I am trying to get some data from an open API:
https://data.brreg.no/enhetsregisteret/api/enheter/lastned
but I am having difficulties understanding the different type of objects and the order the conversions should be in. Is it strings
to bytes
, is it BytesIO
or StringIO
, is it decode('utf-8)
or decode('unicode)
etc..?
So far:
url_get = 'https://data.brreg.no/enhetsregisteret/api/enheter/lastned'
with urllib.request.urlopen(url_get) as response:
encoding = response.info().get_param('charset', 'utf8')
compressed_file = io.BytesIO(response.read())
decompressed_file = gzip.GzipFile(fileobj=compressed_file)
and now is where I am stuck, how should I write the next line of code?

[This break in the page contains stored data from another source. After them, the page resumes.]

(* Consider the distributed detection model in the context with $\alpha\le 0.5$. For $(P_{1,0},P_{0,1})\in[0,1]^2$ with $\alpha(P_{1,0}+P_{0,1})<1$, let $$T(P_{1,0},P_{0,1})=\frac{\ln\left[\frac{P_0}{P_1}\left(\frac{1-\pi_{1,0}}{1-\pi_{1,1}}\right)^{N}\right]}{\ln\left[\frac{\pi_{1,1}(1-\pi_{1,0})}{\pi_{1,0}(1-\pi_{1,1})}\right]},$$ and let $\Phi(P_{1,0},P_{0,1})$ denote the error probability $P_E$ of the $K$-out-of-$N$ fusion rule with $K=\lceil T(P_{1,0},P_{0,1})\rceil$. Then $\Phi$ is a monotonically increasing function of $P_{1,0}$ when $P_{0,1}$ is held fixed, and a monotonically increasing function of $P_{0,1}$ when $P_{1,0}$ is held fixed.
   Context: Binary hypothesis test between $H_0$ and $H_1$ with priors $P_0,P_1\in(0,1)$, $P_0+P_1=1$. There are $N$ sensors, each using the same fixed local threshold, so that conditionally on the hypothesis their local decisions $v_i\in\{0,1\}$ are i.i.d. with $P(v_i=1\mid H_1)=P_d$, $P(v_i=1\mid H_0)=P_f$, where $0<P_f<P_d<1$. Each sensor independently is Byzantine with probability $\alpha\in[0,1]$. Honest nodes send $u_i=v_i$; a Byzantine node sends $u_i=1$ with probability $P_{1,0}$ when $v_i=0$ and sends $u_i=0$ with probability $P_{0,1}$ when $v_i=1$. Hence conditionally on $H_j$ the $u_i$ are i.i.d. with $P(u_i=1\mid H_0)=\pi_{1,0}=\alpha(P_{1,0}(1-P_f)+(1-P_{0,1})P_f)+(1-\alpha)P_f$ and $P(u_i=1\mid H_1)=\pi_{1,1}=\alpha(P_{1,0}(1-P_d)+(1-P_{0,1})P_d)+(1-\alpha)P_d$. A $K$-out-of-$N$ fusion rule decides $H_1$ iff at least $K$ of the $u_i$ equal $1$; its error probability is $P_E=P_0Q_F+P_1(1-Q_D)$ with $Q_F=\sum_{i=K}^N\binom{N}{i}\pi_{1,0}^i(1-\pi_{1,0})^{N-i}$ and $Q_D=\sum_{i=K}^N\binom{N}{i}\pi_{1,1}^i(1-\pi_{1,1})^{N-i}$. The rule with $K=\lceil T\rceil$ is the optimal (MAP) fusion rule when $\alpha(P_{1,0}+P_{0,1})<1$. *)

From HB Require Import structures.
From mathcomp Require Import all_boot all_order all_algebra.
From mathcomp Require Import reals exp.
Set Implicit Arguments. Unset Strict Implicit. Unset Printing Implicit Defensive.
Import Order.TTheory GRing.Theory Num.Theory.
Local Open Scope ring_scope.

Section DefsSec.
Variable R : realType.

(* P(u_i = 1 | H_0) *)
Definition pi10 (alpha P10 P01 Pf : R) : R :=
  alpha * (P10 * (1 - Pf) + (1 - P01) * Pf) + (1 - alpha) * Pf.

(* P(u_i = 1 | H_1) *)
Definition pi11 (alpha P10 P01 Pd : R) : R :=
  alpha * (P10 * (1 - Pd) + (1 - P01) * Pd) + (1 - alpha) * Pd.

(* Probability that at least K (an integer, possibly <= 0 or > N) of N i.i.d.
   Bernoulli(p) variables equal 1: sum_{i=K}^{N} C(N,i) p^i (1-p)^(N-i),
   where the summation range is restricted to 0 <= i <= N. *)
Definition Qrule (N : nat) (K : int) (p : R) : R :=
  \sum_(i < N.+1 | (K <= (i : nat)%:Z)%R)
    ('C(N, i))%:R * p ^+ i * (1 - p) ^+ (N - i).

Definition PE (N : nat) (K : int) (P0 P1 q10 q11 : R) : R :=
  P0 * Qrule N K q10 + P1 * (1 - Qrule N K q11).

Definition Tthr (N : nat) (P0 P1 Pd Pf alpha P10 P01 : R) : R :=
  let a := pi10 alpha P10 P01 Pf in
  let b := pi11 alpha P10 P01 Pd in
  ln (P0 / P1 * ((1 - a) / (1 - b)) ^+ N) / ln ((b * (1 - a)) / (a * (1 - b))).

Definition Phi (N : nat) (P0 P1 Pd Pf alpha P10 P01 : R) : R :=
  PE N (Num.ceil (Tthr N P0 P1 Pd Pf alpha P10 P01)) P0 P1
     (pi10 alpha P10 P01 Pf) (pi11 alpha P10 P01 Pd).

End DefsSec.

From HB Require Import structures.
From mathcomp Require Import all_boot all_order all_algebra.
From mathcomp Require Import reals exp.
From mathcomp Require Import ring lra.
Set Implicit Arguments. Unset Strict Implicit. Unset Printing Implicit Defensive.
Import Order.TTheory GRing.Theory Num.Theory.
Local Open Scope ring_scope.

(* The threshold K = ceil T is exactly the MAP rule, so Phi is the Bayes risk
   min over tests of P0 P(decide H1 | H0) + P1 P(decide H0 | H1) for N i.i.d.
   Bernoulli observations with success probabilities pi10 and pi11.  Both pi's
   are the images of Pf and Pd under the binary channel with crossover
   probabilities alpha P10 (0 -> 1) and alpha P01 (1 -> 0).  Increasing P10 or
   P01 amounts to composing this channel with a further binary channel, and
   garbling the observations can only increase the Bayes risk, by induction
   on the number of observations since the Bayes risk is positively
   homogeneous and superadditive in the prior weights. *)

Section BayesRisk.
Variable R : realType.

(* The least value of c0 P(decide 1) + c1 P(decide 0) over tests based on n
   i.i.d. Bernoulli observations of parameter p (weight c0) or q (weight c1),
   computed by conditioning on the first observation. *)
Fixpoint bayes_risk (p q : R) (n : nat) (c0 c1 : R) : R :=
  match n with
  | 0 => Num.min c0 c1
  | n'.+1 => bayes_risk p q n' (c0 * (1 - p)) (c1 * (1 - q))
             + bayes_risk p q n' (c0 * p) (c1 * q)
  end.

(* Output-1 probability of a binary channel flipping 0 to 1 with probability a
   and 1 to 0 with probability b, when the input is 1 with probability x. *)
Definition binchan (a b x : R) : R := x * (1 - b) + (1 - x) * a.

Lemma bayes_riskZ p q n t c0 c1 : 0 <= t ->
  bayes_risk p q n (t * c0) (t * c1) = t * bayes_risk p q n c0 c1.
Proof.
elim: n t c0 c1 => [|n IH] t c0 c1 t0 /=.
  by case: (leP c0 c1) => h; [rewrite !min_l | rewrite !min_r]; nra.
by rewrite -!mulrA !IH // -mulrDr.
Qed.

Lemma bayes_risk_superadditive p q n a0 a1 b0 b1 :
  bayes_risk p q n a0 a1 + bayes_risk p q n b0 b1
  <= bayes_risk p q n (a0 + b0) (a1 + b1).
Proof.
elim: n a0 a1 b0 b1 => [|n IH] a0 a1 b0 b1 /=.
  by rewrite le_min; apply/andP; split; apply: lerD; rewrite ?ge_min ?lexx ?orbT.
rewrite !mulrDl addrACA.
exact: lerD.
Qed.

Lemma bayes_risk_garble p q d e n c0 c1 : 0 <= d <= 1 -> 0 <= e <= 1 ->
  bayes_risk p q n c0 c1 <= bayes_risk (binchan d e p) (binchan d e q) n c0 c1.
Proof.
move=> /andP[d0 d1] /andP[e0 e1].
elim: n c0 c1 => [|n IH] c0 c1 //=.
apply: le_trans (lerD (IH _ _) (IH _ _)).
set X0 := c0 * (1 - p); set Y0 := c1 * (1 - q); set X1 := c0 * p; set Y1 := c1 * q.
have -> : c0 * (1 - binchan d e p) = (1 - d) * X0 + e * X1.
  by rewrite /binchan /X0 /X1; ring.
have -> : c1 * (1 - binchan d e q) = (1 - d) * Y0 + e * Y1.
  by rewrite /binchan /Y0 /Y1; ring.
have -> : c0 * binchan d e p = d * X0 + (1 - e) * X1 by rewrite /binchan /X0 /X1; ring.
have -> : c1 * binchan d e q = d * Y0 + (1 - e) * Y1 by rewrite /binchan /Y0 /Y1; ring.
apply: le_trans (lerD (bayes_risk_superadditive _ _ _ _ _ _ _)
                      (bayes_risk_superadditive _ _ _ _ _ _ _)).
rewrite !bayes_riskZ ?subr_ge0 // addrACA -!mulrDl.
by rewrite subrK [e + _]addrC subrK !mul1r.
Qed.

Lemma bayes_riskE p q n c0 c1 :
  bayes_risk p q n c0 c1 = \sum_(k < n.+1) ('C(n, k))%:R *
    Num.min (c0 * (p ^+ k * (1 - p) ^+ (n - k))) (c1 * (q ^+ k * (1 - q) ^+ (n - k))).
Proof.
elim: n c0 c1 => [|n IH] c0 c1.
  by rewrite /= big_ord_recl big_ord0 !expr0 !mulr1 addr0 mul1r.
rewrite /= !IH [in RHS]big_ord_recl /=.
under [in RHS]eq_bigr => i _ do rewrite binS natrD mulrDl.
rewrite big_split /= addrA; congr (_ + _).
  rewrite [in RHS]big_ord_recr /= (bin_small (ltnSn n)) mul0r addr0.
  rewrite big_ord_recl /= !bin0 !subn0 !expr0 !mul1r -!mulrA -!exprS.
  congr (_ + _); apply: eq_bigr => i _; rewrite /bump /= add1n subSS.
  have -> : (n - i = (n - i.+1).+1)%N by rewrite subnSK.
  by rewrite !exprS; congr (_ * Num.min _ _); ring.
apply: eq_bigr => i _; rewrite /bump /= add1n subSS !exprS.
by congr (_ * Num.min _ _); ring.
Qed.

(* Comparing the threshold with k is the likelihood-ratio test at k ones. *)
Lemma threshold_le_natE (N k : nat) (P0 P1 a b : R) : (k <= N)%N ->
  0 < P0 -> 0 < P1 -> 0 < a -> a < b -> b < 1 ->
  (ln (P0 / P1 * ((1 - a) / (1 - b)) ^+ N) / ln ((b * (1 - a)) / (a * (1 - b)))
     <= k%:R)
  = (P0 * (a ^+ k * (1 - a) ^+ (N - k)) <= P1 * (b ^+ k * (1 - b) ^+ (N - k))).
Proof.
move=> kN hP0 hP1 ha hab hb.
have hb0 : 0 < b by apply: lt_trans hab.
have ha1 : 0 < 1 - a by rewrite subr_gt0; apply: lt_trans hb.
have hb1 : 0 < 1 - b by rewrite subr_gt0.
set Y := (b * (1 - a)) / (a * (1 - b)).
set X := P0 / P1 * ((1 - a) / (1 - b)) ^+ N.
have hY : 1 < Y by rewrite /Y ltr_pdivlMr ?mulr_gt0 // mul1r; nra.
have hX : 0 < X by rewrite /X !mulr_gt0 ?invr_gt0 ?exprn_gt0 ?divr_gt0.
have hY0 : 0 < Y by apply: lt_trans hY.
rewrite ler_pdivrMr ?ln_gt0 // mulr_natl -lnXn // ler_ln ?posrE ?exprn_gt0 //.
set W := P1 * a ^+ k * (1 - b) ^+ N / (1 - a) ^+ k.
have hW : 0 < W by rewrite /W !mulr_gt0 ?invr_gt0 ?exprn_gt0.
rewrite -(ler_pM2r hW).
have eA : (1 - a) ^+ N = (1 - a) ^+ k * (1 - a) ^+ (N - k) by rewrite -exprD subnKC.
have eB : (1 - b) ^+ N = (1 - b) ^+ k * (1 - b) ^+ (N - k) by rewrite -exprD subnKC.
have -> : X * W = P0 * (a ^+ k * (1 - a) ^+ (N - k)).
  rewrite /X /W expr_div_n eA eB.
  by field; rewrite ?expf_neq0 ?gt_eqF.
have -> : Y ^+ k * W = P1 * (b ^+ k * (1 - b) ^+ (N - k)).
  rewrite /Y /W !expr_div_n !exprMn eB.
  by field; rewrite ?expf_neq0 ?gt_eqF.
by [].
Qed.

Lemma PE_ceil_threshold (N : nat) (P0 P1 a b : R) :
  0 < P0 -> 0 < P1 -> 0 < a -> a < b -> b < 1 ->
  PE N (Num.ceil (ln (P0 / P1 * ((1 - a) / (1 - b)) ^+ N)
                  / ln ((b * (1 - a)) / (a * (1 - b))))) P0 P1 a b
  = bayes_risk a b N P0 P1.
Proof.
move=> hP0 hP1 ha hab hb; set T := _ / _.
have sum_binomial : \sum_(i < N.+1) ('C(N, i))%:R * b ^+ i * (1 - b) ^+ (N - i) = 1.
  have := expr1n R N; rewrite -{1}(subrK b 1) exprDn => binomial.
  rewrite -[RHS]binomial.
  by apply: eq_bigr => i _; rewrite -mulr_natl; ring.
rewrite bayes_riskE /PE /Qrule -[X in P1 * (X - _)]sum_binomial.
rewrite [X in P1 * (X - _)](bigID (fun i : 'I_N.+1 => (Num.ceil T <= (i : nat)%:Z)%R)) /=.
rewrite [X in P1 * X]addrAC subrr add0r !mulr_sumr.
rewrite [X in X + _]big_mkcond [X in _ + X]big_mkcond /=.
rewrite -big_split /=; apply: eq_bigr => i _.
have iN : (i <= N)%N by rewrite -ltnS.
rewrite ceil_le_int -[(i%:Z)%:~R]/(i%:R) /T threshold_le_natE //.
by case: leP => h /=; rewrite ?addr0 ?add0r; ring.
Qed.

Lemma binchan_ltr a b x y : a + b < 1 -> x < y -> binchan a b x < binchan a b y.
Proof. by rewrite /binchan => ab xy; nra. Qed.

Lemma binchan_factor a b a' b' : 0 <= a <= a' -> 0 <= b <= b' -> a' + b' < 1 ->
  exists d e, [/\ 0 <= d <= 1, 0 <= e <= 1 &
                  forall x, binchan a' b' x = binchan d e (binchan a b x)].
Proof.
move=> /andP[a0 aa'] /andP[b0 bb'] ab'.
have c_gt0 : 0 < 1 - a - b by lra.
pose r := (1 - a' - b') / (1 - a - b).
have r0 : 0 <= r by rewrite divr_ge0 //; lra.
have r1 : r <= 1 by rewrite ler_pdivrMr // mul1r; lra.
exists (a' - a * r), (b' - b * r).
have de : (a' - a * r) + (b' - b * r) = 1 - r by rewrite /r; field; rewrite gt_eqF.
split; [apply/andP; split; nra | apply/andP; split; nra |].
by move=> x; rewrite /binchan /r; field; rewrite gt_eqF.
Qed.

Lemma bayes_risk_binchan_mono p q n c0 c1 a b a' b' :
  0 <= a <= a' -> 0 <= b <= b' -> a' + b' < 1 ->
  bayes_risk (binchan a b p) (binchan a b q) n c0 c1
  <= bayes_risk (binchan a' b' p) (binchan a' b' q) n c0 c1.
Proof.
move=> ha hb hab; have [d [e [hd he factor]]] := binchan_factor ha hb hab.
by rewrite !factor; apply: bayes_risk_garble.
Qed.

Lemma Phi_bayes_risk (N : nat) (P0 P1 Pd Pf alpha P10 P01 : R) :
  0 < P0 -> 0 < P1 -> 0 < Pf -> Pf < Pd -> Pd < 1 ->
  0 <= alpha * P10 -> 0 <= alpha * P01 -> alpha * P10 + alpha * P01 < 1 ->
  Phi N P0 P1 Pd Pf alpha P10 P01
  = bayes_risk (binchan (alpha * P10) (alpha * P01) Pf)
               (binchan (alpha * P10) (alpha * P01) Pd) N P0 P1.
Proof.
move=> hP0 hP1 hf hfd hd ha hb hab.
have pi10E : pi10 alpha P10 P01 Pf = binchan (alpha * P10) (alpha * P01) Pf.
  by rewrite /pi10 /binchan; ring.
have pi11E : pi11 alpha P10 P01 Pd = binchan (alpha * P10) (alpha * P01) Pd.
  by rewrite /pi11 /binchan; ring.
have at0 : binchan (alpha * P10) (alpha * P01) 0 = alpha * P10.
  by rewrite /binchan; ring.
have at1 : binchan (alpha * P10) (alpha * P01) 1 = 1 - alpha * P01.
  by rewrite /binchan; ring.
rewrite /Phi /Tthr /= pi10E pi11E PE_ceil_threshold ?binchan_ltr //.
- by apply: le_lt_trans (binchan_ltr hab hf); rewrite at0.
- by apply: (lt_le_trans (binchan_ltr hab hd)); rewrite at1 lerBlDr lerDl.
Qed.

Lemma Phi_mono (N : nat) (P0 P1 Pd Pf alpha P10 P10' P01 P01' : R) :
  0 < P0 -> 0 < P1 -> 0 < Pf -> Pf < Pd -> Pd < 1 -> 0 <= alpha ->
  0 <= P10 <= P10' -> 0 <= P01 <= P01' -> alpha * (P10' + P01') < 1 ->
  Phi N P0 P1 Pd Pf alpha P10 P01 <= Phi N P0 P1 Pd Pf alpha P10' P01'.
Proof.
move=> hP0 hP1 hf hfd hd ha /andP[x0 xx'] /andP[y0 yy'] hs.
have hx : 0 <= alpha * P10 <= alpha * P10' by rewrite mulr_ge0 ?ler_wpM2l.
have hy : 0 <= alpha * P01 <= alpha * P01' by rewrite mulr_ge0 ?ler_wpM2l.
have hs' : alpha * P10' + alpha * P01' < 1 by rewrite -mulrDr.
have [hx0 hx'] := andP hx; have [hy0 hy'] := andP hy.
rewrite !Phi_bayes_risk ?(le_trans hx0 hx') ?(le_trans hy0 hy') //; last by lra.
exact: bayes_risk_binchan_mono.
Qed.

End BayesRisk.

Theorem lemma6 (R : realType) (N : nat) (P0 P1 Pd Pf alpha : R) :
  0 < P0 < 1 -> 0 < P1 < 1 -> P0 + P1 = 1 ->
  0 < Pf -> Pf < Pd -> Pd < 1 ->
  0 <= alpha -> alpha <= 1 / 2 ->
  (forall P10 P10' P01 : R,
      0 <= P10 <= 1 -> 0 <= P10' <= 1 -> 0 <= P01 <= 1 ->
      alpha * (P10 + P01) < 1 -> alpha * (P10' + P01) < 1 ->
      P10 <= P10' ->
      Phi N P0 P1 Pd Pf alpha P10 P01 <= Phi N P0 P1 Pd Pf alpha P10' P01) /\
  (forall P10 P01 P01' : R,
      0 <= P10 <= 1 -> 0 <= P01 <= 1 -> 0 <= P01' <= 1 ->
      alpha * (P10 + P01) < 1 -> alpha * (P10 + P01') < 1 ->
      P01 <= P01' ->
      Phi N P0 P1 Pd Pf alpha P10 P01 <= Phi N P0 P1 Pd Pf alpha P10 P01').
Proof.
move=> /andP[hP0 _] /andP[hP1 _] _ hf hfd hd ha _.
split.
- move=> P10 P10' P01 /andP[x0 _] _ /andP[y0 _] _ hs' xx'.
  by apply: Phi_mono; rewrite ?x0 ?y0 ?lexx.
- move=> P10 P01 P01' /andP[x0 _] /andP[y0 _] _ _ hs' yy'.
  by apply: Phi_mono; rewrite ?x0 ?y0 ?lexx.
Qed.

json_str = json.loads(decompressed_file.read().decode('utf-8'))
My workaround is if I write it as a json file then read it in again and do the transformation to df then it works:
with io.open('brreg.json', 'wb') as f:
f.write(decompressed_file.read())
with open(f_path, encoding='utf-8') as fin:
d = json.load(fin)
df = json_normalize(d)
with open('brreg_2.csv', 'w', encoding='utf-8', newline='') as fout:
fout.write(df.to_csv())
I found many SO posts about it, but I am still so confused. This first one explains it quite good, but I still need some spoon feeding.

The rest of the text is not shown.